(* The group \(\mathcal{G}=\langle x,y,t \mid x^7, y^2, (xy)^3, [x,y]^4, t^2, [t^{x^2},yx^{-1}], [t,y], (yt^{x^2})^5, (xyx^2t^x)^5, (xt)^8\rangle\) is perfect.
   Context: Conventions: \(a^g=g^{-1}ag\) and \([a,b]=a^{-1}b^{-1}ab\). A group is perfect if it equals its commutator subgroup. *)

(* The finitely presented group
   G = < x, y, t | relators > is modelled as words in the letters
   x^{+-1}, y^{+-1}, t^{+-1} modulo the congruence generated by free
   cancellation and insertion/deletion of relators (i.e. the free group
   modulo the normal closure of the relators). *)
From Stdlib Require Import List.
Import ListNotations.

Inductive gen : Type := GX | GY | GT.

(* a letter: generator with exponent sign; true = inverse *)
Definition letter : Type := (gen * bool)%type.
Definition word : Type := list letter.

Definition inv_letter (l : letter) : letter := (fst l, negb (snd l)).
Definition winv (w : word) : word := rev (map inv_letter w).

Definition x : word := [(GX, false)].
Definition y : word := [(GY, false)].
Definition t : word := [(GT, false)].

Fixpoint wpow (w : word) (n : nat) : word :=
  match n with 0 => [] | S k => w ++ wpow w k end.

(* conventions: a^g = g^-1 a g,  [a,b] = a^-1 b^-1 a b *)
Definition wconj (a g : word) : word := winv g ++ a ++ g.
Definition wcomm (a b : word) : word := winv a ++ winv b ++ a ++ b.

Definition relators : list word :=
  [ wpow x 7;
    wpow y 2;
    wpow (x ++ y) 3;
    wpow (wcomm x y) 4;
    wpow t 2;
    wcomm (wconj t (wpow x 2)) (y ++ winv x);
    wcomm t y;
    wpow (y ++ wconj t (wpow x 2)) 5;
    wpow (x ++ y ++ wpow x 2 ++ wconj t x) 5;
    wpow (x ++ t) 8 ].

Inductive geq : word -> word -> Prop :=
  | geq_refl w : geq w w
  | geq_sym u v : geq u v -> geq v u
  | geq_trans u v w : geq u v -> geq v w -> geq u w
  | geq_cancel u v l : geq (u ++ [l; inv_letter l] ++ v) (u ++ v)
  | geq_rel u v r : In r relators -> geq (u ++ r ++ v) (u ++ v).

Definition prod_comm (cs : list (word * word)) : word :=
  concat (map (fun p => wcomm (fst p) (snd p)) cs).

(* G is perfect: G = [G,G], i.e. every element of G lies in the subgroup
   generated by commutators; since [a,b]^-1 = [b,a], that subgroup consists
   exactly of finite products of commutators. *)
Definition perfect_G : Prop :=
  forall w : word, exists cs : list (word * word), geq w (prod_comm cs).

(* A word whose exponent sums in x, y, t
   all vanish is a product of commutators: moving a letter next to its inverse
   costs one conjugate of a commutator, and then the pair cancels.  Modulo
   commutators the relators give 7x = 0, 3x + 3y = 0, 2y = 0, 2t = 0,
   5y + 5t = 0 and 15x + 5y + 5t = 0, whence x = 0 (15 - 14 = 1), then y = 0
   (3 - 2 = 1) and t = 0 (5 - 4 = 1); so every generator is, modulo the
   relators, a word with zero exponent sums. *)
From Stdlib Require Import List ZArith Lia.
Import ListNotations.

Lemma inv_letter_involutive l : inv_letter (inv_letter l) = l.
Proof. destruct l as [g b]; unfold inv_letter; simpl; rewrite Bool.negb_involutive; reflexivity. Qed.

Lemma winv_app a b : winv (a ++ b) = winv b ++ winv a.
Proof. unfold winv; rewrite map_app, rev_app_distr; reflexivity. Qed.

Lemma winv_involutive a : winv (winv a) = a.
Proof.
  unfold winv; rewrite map_rev, rev_involutive, map_map.
  induction a as [|l a IH]; simpl; [reflexivity | rewrite inv_letter_involutive, IH; reflexivity].
Qed.

Lemma geq_congr a b u v : geq a b -> geq (u ++ a ++ v) (u ++ b ++ v).
Proof.
  intros H; revert u v; induction H as [w|a b _ IH|a b c _ IH1 _ IH2|p q l|p q r Hr];
    intros u' v'.
  - apply geq_refl.
  - apply geq_sym, IH.
  - eapply geq_trans; [apply IH1 | apply IH2].
  - replace (u' ++ (p ++ [l; inv_letter l] ++ q) ++ v')
      with ((u' ++ p) ++ [l; inv_letter l] ++ (q ++ v')) by (rewrite !app_assoc; reflexivity).
    replace (u' ++ (p ++ q) ++ v') with ((u' ++ p) ++ q ++ v') by (rewrite !app_assoc; reflexivity).
    apply geq_cancel.
  - replace (u' ++ (p ++ r ++ q) ++ v')
      with ((u' ++ p) ++ r ++ (q ++ v')) by (rewrite !app_assoc; reflexivity).
    replace (u' ++ (p ++ q) ++ v') with ((u' ++ p) ++ q ++ v') by (rewrite !app_assoc; reflexivity).
    apply geq_rel, Hr.
Qed.

Lemma geq_app a a' b b' : geq a a' -> geq b b' -> geq (a ++ b) (a' ++ b').
Proof.
  intros Ha Hb; eapply geq_trans.
  - exact (geq_congr a a' [] b Ha).
  - pose proof (geq_congr b b' a' [] Hb) as H; rewrite !app_nil_r in H; exact H.
Qed.

Lemma geq_cancel_word p s q : geq (p ++ s ++ winv s ++ q) (p ++ q).
Proof.
  revert p q; induction s as [|l s IH]; intros p q; [apply geq_refl|].
  change (l :: s) with ([l] ++ s); rewrite winv_app.
  eapply geq_trans.
  - replace (p ++ ([l] ++ s) ++ (winv s ++ winv [l]) ++ q)
      with ((p ++ [l]) ++ s ++ winv s ++ ([inv_letter l] ++ q)) by (rewrite !app_assoc; reflexivity).
    apply IH.
  - replace ((p ++ [l]) ++ [inv_letter l] ++ q) with (p ++ [l; inv_letter l] ++ q)
      by (rewrite <- !app_assoc; reflexivity).
    apply geq_cancel.
Qed.

Lemma geq_winv_trivial r : geq r [] -> geq (winv r) [].
Proof.
  intros H; eapply geq_trans.
  - pose proof (geq_congr [] r [] (winv r) (geq_sym _ _ H)) as H'; simpl in H'; exact H'.
  - pose proof (geq_cancel_word [] r []) as H'; rewrite !app_nil_r in H'; exact H'.
Qed.

Definition in_derived_subgroup (w : word) : Prop :=
  exists cs, geq w (prod_comm cs).

Lemma in_derived_subgroup_geq a b : geq a b -> in_derived_subgroup b -> in_derived_subgroup a.
Proof. intros H [cs Hcs]; exists cs; eapply geq_trans; eassumption. Qed.

Lemma in_derived_subgroup_app a b :
  in_derived_subgroup a -> in_derived_subgroup b -> in_derived_subgroup (a ++ b).
Proof.
  intros [cs1 H1] [cs2 H2]; exists (cs1 ++ cs2).
  unfold prod_comm; rewrite map_app, concat_app; apply geq_app; assumption.
Qed.

Lemma in_derived_subgroup_conj_comm a b v : in_derived_subgroup (wconj (wcomm a b) v).
Proof.
  exists [(wconj a v, wconj b v)]; unfold prod_comm, wcomm, wconj; simpl.
  rewrite app_nil_r, !winv_app, !winv_involutive; apply geq_sym.
  rewrite <- !app_assoc.
  eapply geq_trans.
  { replace (winv v ++ winv a ++ v ++ winv v ++ winv b ++ v ++ winv v ++ a ++ v ++ winv v ++ b ++ v)
      with ((winv v ++ winv a) ++ v ++ winv v ++ (winv b ++ v ++ winv v ++ a ++ v ++ winv v ++ b ++ v))
      by (rewrite <- !app_assoc; reflexivity).
    apply geq_cancel_word. }
  eapply geq_trans.
  { replace ((winv v ++ winv a) ++ winv b ++ v ++ winv v ++ a ++ v ++ winv v ++ b ++ v)
      with ((winv v ++ winv a ++ winv b) ++ v ++ winv v ++ (a ++ v ++ winv v ++ b ++ v))
      by (rewrite <- !app_assoc; reflexivity).
    apply geq_cancel_word. }
  eapply geq_trans.
  { replace ((winv v ++ winv a ++ winv b) ++ a ++ v ++ winv v ++ b ++ v)
      with ((winv v ++ winv a ++ winv b ++ a) ++ v ++ winv v ++ (b ++ v))
      by (rewrite <- !app_assoc; reflexivity).
    apply geq_cancel_word. }
  rewrite <- !app_assoc; apply geq_refl.
Qed.

(* u b a v = (u a b v) [b,a]^v *)
Lemma in_derived_subgroup_swap u a b v :
  in_derived_subgroup (u ++ a ++ b ++ v) -> in_derived_subgroup (u ++ b ++ a ++ v).
Proof.
  intros H.
  apply (in_derived_subgroup_geq _ ((u ++ a ++ b ++ v) ++ wconj (wcomm b a) v)).
  2: apply in_derived_subgroup_app; [exact H | apply in_derived_subgroup_conj_comm].
  unfold wconj, wcomm; apply geq_sym.
  eapply geq_trans.
  { replace ((u ++ a ++ b ++ v) ++ winv v ++ (winv b ++ winv a ++ b ++ a) ++ v)
      with ((u ++ a ++ b) ++ v ++ winv v ++ (winv b ++ winv a ++ b ++ a ++ v))
      by (rewrite <- !app_assoc; reflexivity).
    apply geq_cancel_word. }
  eapply geq_trans.
  { replace ((u ++ a ++ b) ++ winv b ++ winv a ++ b ++ a ++ v)
      with ((u ++ a) ++ b ++ winv b ++ (winv a ++ b ++ a ++ v))
      by (rewrite <- !app_assoc; reflexivity).
    apply geq_cancel_word. }
  rewrite <- app_assoc; apply geq_cancel_word.
Qed.

Definition gen_eq_dec (g h : gen) : {g = h} + {g <> h}.
Proof. decide equality. Defined.

Definition letter_eq_dec (l m : letter) : {l = m} + {l <> m}.
Proof. decide equality; [apply Bool.bool_dec | apply gen_eq_dec]. Defined.

Fixpoint exponent_sum (g : gen) (w : word) : Z :=
  match w with
  | [] => 0
  | (h, b) :: w' => (if gen_eq_dec g h then if b then -1 else 1 else 0) + exponent_sum g w'
  end%Z.

Lemma exponent_sum_app g a b : exponent_sum g (a ++ b) = (exponent_sum g a + exponent_sum g b)%Z.
Proof. induction a as [|[h c] a IH]; simpl; [reflexivity | rewrite IH; lia]. Qed.

Lemma exponent_sum_winv g w : exponent_sum g (winv w) = (- exponent_sum g w)%Z.
Proof.
  induction w as [|[h c] w IH]; [reflexivity|].
  unfold winv in *; simpl; rewrite exponent_sum_app, IH; simpl.
  destruct (gen_eq_dec g h), c; cbn -[Z.add Z.opp]; lia.
Qed.

Lemma exponent_sum_without_inverse g b w :
  ~ In (g, negb b) w -> (0 <= (if b then -1 else 1) * exponent_sum g w)%Z.
Proof.
  induction w as [|[h c] w IH]; cbn [In exponent_sum]; intros Hn; [destruct b; lia|].
  specialize (IH (fun H => Hn (or_intror H))).
  destruct (gen_eq_dec g h) as [<-|]; [|destruct b; lia].
  destruct b, c; cbn [negb] in *; try lia; exfalso; apply Hn; left; reflexivity.
Qed.

Lemma inverse_letter_occurs g b w :
  exponent_sum g ((g, b) :: w) = 0%Z -> In (g, negb b) w.
Proof.
  intros H; destruct (in_dec letter_eq_dec (g, negb b) w) as [|Hn]; [assumption|].
  apply exponent_sum_without_inverse in Hn; simpl in H.
  destruct (gen_eq_dec g g) as [_|]; [destruct b; lia | contradiction].
Qed.

Lemma in_derived_subgroup_of_exponent_sums_zero w :
  (forall g, exponent_sum g w = 0%Z) -> in_derived_subgroup w.
Proof.
  remember (length w) as n eqn:Hn; revert w Hn.
  induction n as [n IH] using (well_founded_induction lt_wf).
  intros [|[g b] w] Hn Hzero; [exists []; apply geq_refl|].
  destruct (in_split _ _ (inverse_letter_occurs g b w (Hzero g))) as [p [q ->]].
  assert (Hpq : in_derived_subgroup (p ++ q)).
  { apply (IH (length (p ++ q))); [subst n; simpl; rewrite !length_app; simpl; lia | reflexivity |].
    intros h; specialize (Hzero h); cbn [exponent_sum] in Hzero.
    rewrite exponent_sum_app in Hzero |- *; cbn [exponent_sum] in Hzero.
    destruct (gen_eq_dec h g), b; cbn [negb] in Hzero; lia. }
  apply (in_derived_subgroup_swap [(g, b)] [inv_letter (g, b)] p q).
  exact (in_derived_subgroup_geq _ _ (geq_cancel [] (p ++ q) (g, b)) Hpq).
Qed.

Definition relator_at (i : nat) : word := nth i relators [].

Lemma relator_at_trivial i : geq (relator_at i) [].
Proof.
  unfold relator_at; destruct (Nat.lt_ge_cases i (length relators)) as [Hi|Hi].
  - pose proof (geq_rel [] [] (nth i relators []) (nth_In _ _ Hi)) as H.
    rewrite app_nil_r in H; exact H.
  - rewrite nth_overflow by exact Hi; apply geq_refl.
Qed.

(* A certificate lists relators (by index) together with an inversion flag. *)
Definition relator_product (cert : list (bool * nat)) : word :=
  concat (map (fun p : bool * nat =>
    if fst p then winv (relator_at (snd p)) else relator_at (snd p)) cert).

Definition invert_certificate (cert : list (bool * nat)) : list (bool * nat) :=
  map (fun p : bool * nat => (negb (fst p), snd p)) cert.

Lemma relator_product_trivial cert : geq (relator_product cert) [].
Proof.
  induction cert as [|[[|] i] cert IH]; [apply geq_refl | |];
    apply (geq_app _ [] _ []); [apply geq_winv_trivial, relator_at_trivial | exact IH
                               | apply relator_at_trivial | exact IH].
Qed.

Lemma exponent_sum_invert_certificate g cert :
  exponent_sum g (relator_product (invert_certificate cert))
  = (- exponent_sum g (relator_product cert))%Z.
Proof.
  induction cert as [|[[|] i] cert IH]; [reflexivity | |];
    unfold relator_product in *; simpl; rewrite !exponent_sum_app, IH;
    rewrite ?exponent_sum_winv; lia.
Qed.

Lemma in_derived_subgroup_letter_of_certificate l cert :
  (forall g, exponent_sum g (l :: relator_product cert) = 0%Z) -> in_derived_subgroup [l].
Proof.
  intros Hzero; apply (in_derived_subgroup_geq _ ([l] ++ relator_product cert)).
  - pose proof (geq_app [l] [l] _ _ (geq_refl _) (geq_sym _ _ (relator_product_trivial cert))) as H.
    rewrite app_nil_r in H; exact H.
  - apply in_derived_subgroup_of_exponent_sums_zero, Hzero.
Qed.

Lemma in_derived_subgroup_letter_inv g cert :
  (forall h, exponent_sum h ((g, false) :: relator_product cert) = 0%Z) ->
  in_derived_subgroup [(g, false)] /\ in_derived_subgroup [(g, true)].
Proof.
  intros Hzero; split; [exact (in_derived_subgroup_letter_of_certificate _ _ Hzero)|].
  apply (in_derived_subgroup_letter_of_certificate _ (invert_certificate cert)).
  intros h; specialize (Hzero h); simpl in Hzero |- *.
  rewrite exponent_sum_invert_certificate; destruct (gen_eq_dec h g); lia.
Qed.

(* Certificates following the elimination x, then y, then t in the header;
   relator indices are positions in [relators]. *)
Lemma in_derived_subgroup_letter l : in_derived_subgroup [l].
Proof.
  destruct l as [g b].
  assert (H : in_derived_subgroup [(g, false)] /\ in_derived_subgroup [(g, true)]).
  { apply in_derived_subgroup_letter_inv with
      (cert := match g with
               | GX => [(false,7); (true,8); (false,0); (false,0)]
               | GY => [(true,2); (false,1); (false,8); (false,8); (false,8);
                        (true,7); (true,7); (true,7);
                        (true,0); (true,0); (true,0); (true,0); (true,0); (true,0)]
               | GT => [(false,7); (false,7); (false,1); (false,4); (false,4); (false,2);
                        (true,8); (true,8); (true,8);
                        (false,0); (false,0); (false,0); (false,0); (false,0); (false,0)]
               end).
    intros h; destruct g, h; vm_compute; reflexivity. }
  destruct b; apply H.
Qed.

Theorem lemma5p2 : perfect_G.
Proof.
  intros w; induction w as [|l w IH].
  - exists []; apply geq_refl.
  - apply (in_derived_subgroup_app [l] w); [apply in_derived_subgroup_letter | exact IH].
Qed.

━━━━━━━━

EXERCISE INSTRUCTIONS:
Please restate only the opening stretch of the records above: every line from the first through the one containing "Definition relators : list", exactly as written.

TASK RESULT:
(* The group \(\mathcal{G}=\langle x,y,t \mid x^7, y^2, (xy)^3, [x,y]^4, t^2, [t^{x^2},yx^{-1}], [t,y], (yt^{x^2})^5, (xyx^2t^x)^5, (xt)^8\rangle\) is perfect.
   Context: Conventions: \(a^g=g^{-1}ag\) and \([a,b]=a^{-1}b^{-1}ab\). A group is perfect if it equals its commutator subgroup. *)

(* The finitely presented group
   G = < x, y, t | relators > is modelled as words in the letters
   x^{+-1}, y^{+-1}, t^{+-1} modulo the congruence generated by free
   cancellation and insertion/deletion of relators (i.e. the free group
   modulo the normal closure of the relators). *)
From Stdlib Require Import List.
Import ListNotations.

Inductive gen : Type := GX | GY | GT.

(* a letter: generator with exponent sign; true = inverse *)
Definition letter : Type := (gen * bool)%type.
Definition word : Type := list letter.

Definition inv_letter (l : letter) : letter := (fst l, negb (snd l)).
Definition winv (w : word) : word := rev (map inv_letter w).

Definition x : word := [(GX, false)].
Definition y : word := [(GY, false)].
Definition t : word := [(GT, false)].

Fixpoint wpow (w : word) (n : nat) : word :=
  match n with 0 => [] | S k => w ++ wpow w k end.

(* conventions: a^g = g^-1 a g,  [a,b] = a^-1 b^-1 a b *)
Definition wconj (a g : word) : word := winv g ++ a ++ g.
Definition wcomm (a b : word) : word := winv a ++ winv b ++ a ++ b.

Definition relators : list word :=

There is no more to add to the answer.